YOUR OBJECTIVE:
Pick out and copy every line below that has the word "covC".

______

Definition rscan (p : 'I_s -> R) (u : T -> R) : T -> R :=
  fun x => \sum_(i < s) p i * Pr i u x.

Section fixed_vector.
Variable p : 'I_s -> R.
Hypothesis p_ge0 : forall i, 0 <= p i.

Lemma square_integrable_rscan u : L2 u -> L2 (rscan p u).
Proof.
by move=> u2; apply: (square_integrable_sum mu1) => i; exact: square_integrable_Pr.
Qed.

Lemma square_integrable_iter_rscan n u : L2 u -> L2 (iter n (rscan p) u).
Proof. by move=> u2; elim: n => [|n IHn] //=; exact: square_integrable_rscan. Qed.

Lemma cov_rscan u v : L2 u -> L2 v ->
  cov mu (rscan p u) v = \sum_(i < s) p i * cov mu (Pr i u) (Pr i v).
Proof.
move=> u2 v2; rewrite (cov_suml mu1) //; last by move=> i; exact: square_integrable_Pr.
by apply: eq_bigr => i _; rewrite cov_Pr.
Qed.

Lemma cov_rscanC u v : L2 u -> L2 v -> cov mu (rscan p u) v = cov mu u (rscan p v).
Proof.
move=> u2 v2; rewrite [RHS]covC !cov_rscan //.
by apply: eq_bigr => i _; rewrite covC.
Qed.

Lemma Rintegral_rscan u : \sum_(i < s) p i = 1 -> L2 u ->
  \int[mu]_x rscan p u x = \int[mu]_x u x.
Proof.
move=> p1 u2.
have Pu1 i := square_integrable_integrable mu1 (square_integrable_Pr i u2).
rewrite /rscan (Rintegral_sum mu1) //; last by move=> i; exact: integrableZl_EFin.
under eq_bigr do rewrite RintegralZl ?Rintegral_Pr //.
by rewrite -mulr_suml p1 mul1r.
Qed.

Lemma Rintegral_iter_rscan n u : \sum_(i < s) p i = 1 -> L2 u ->
  \int[mu]_x iter n (rscan p) u x = \int[mu]_x u x.
Proof.
move=> p1 u2; elim: n => [|n IHn] //=.
by rewrite Rintegral_rscan ?IHn //; exact: square_integrable_iter_rscan.
Qed.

______

TASK RESPONSE:
move=> u2 v2; rewrite [RHS]covC !cov_rscan //.
by apply: eq_bigr => i _; rewrite covC.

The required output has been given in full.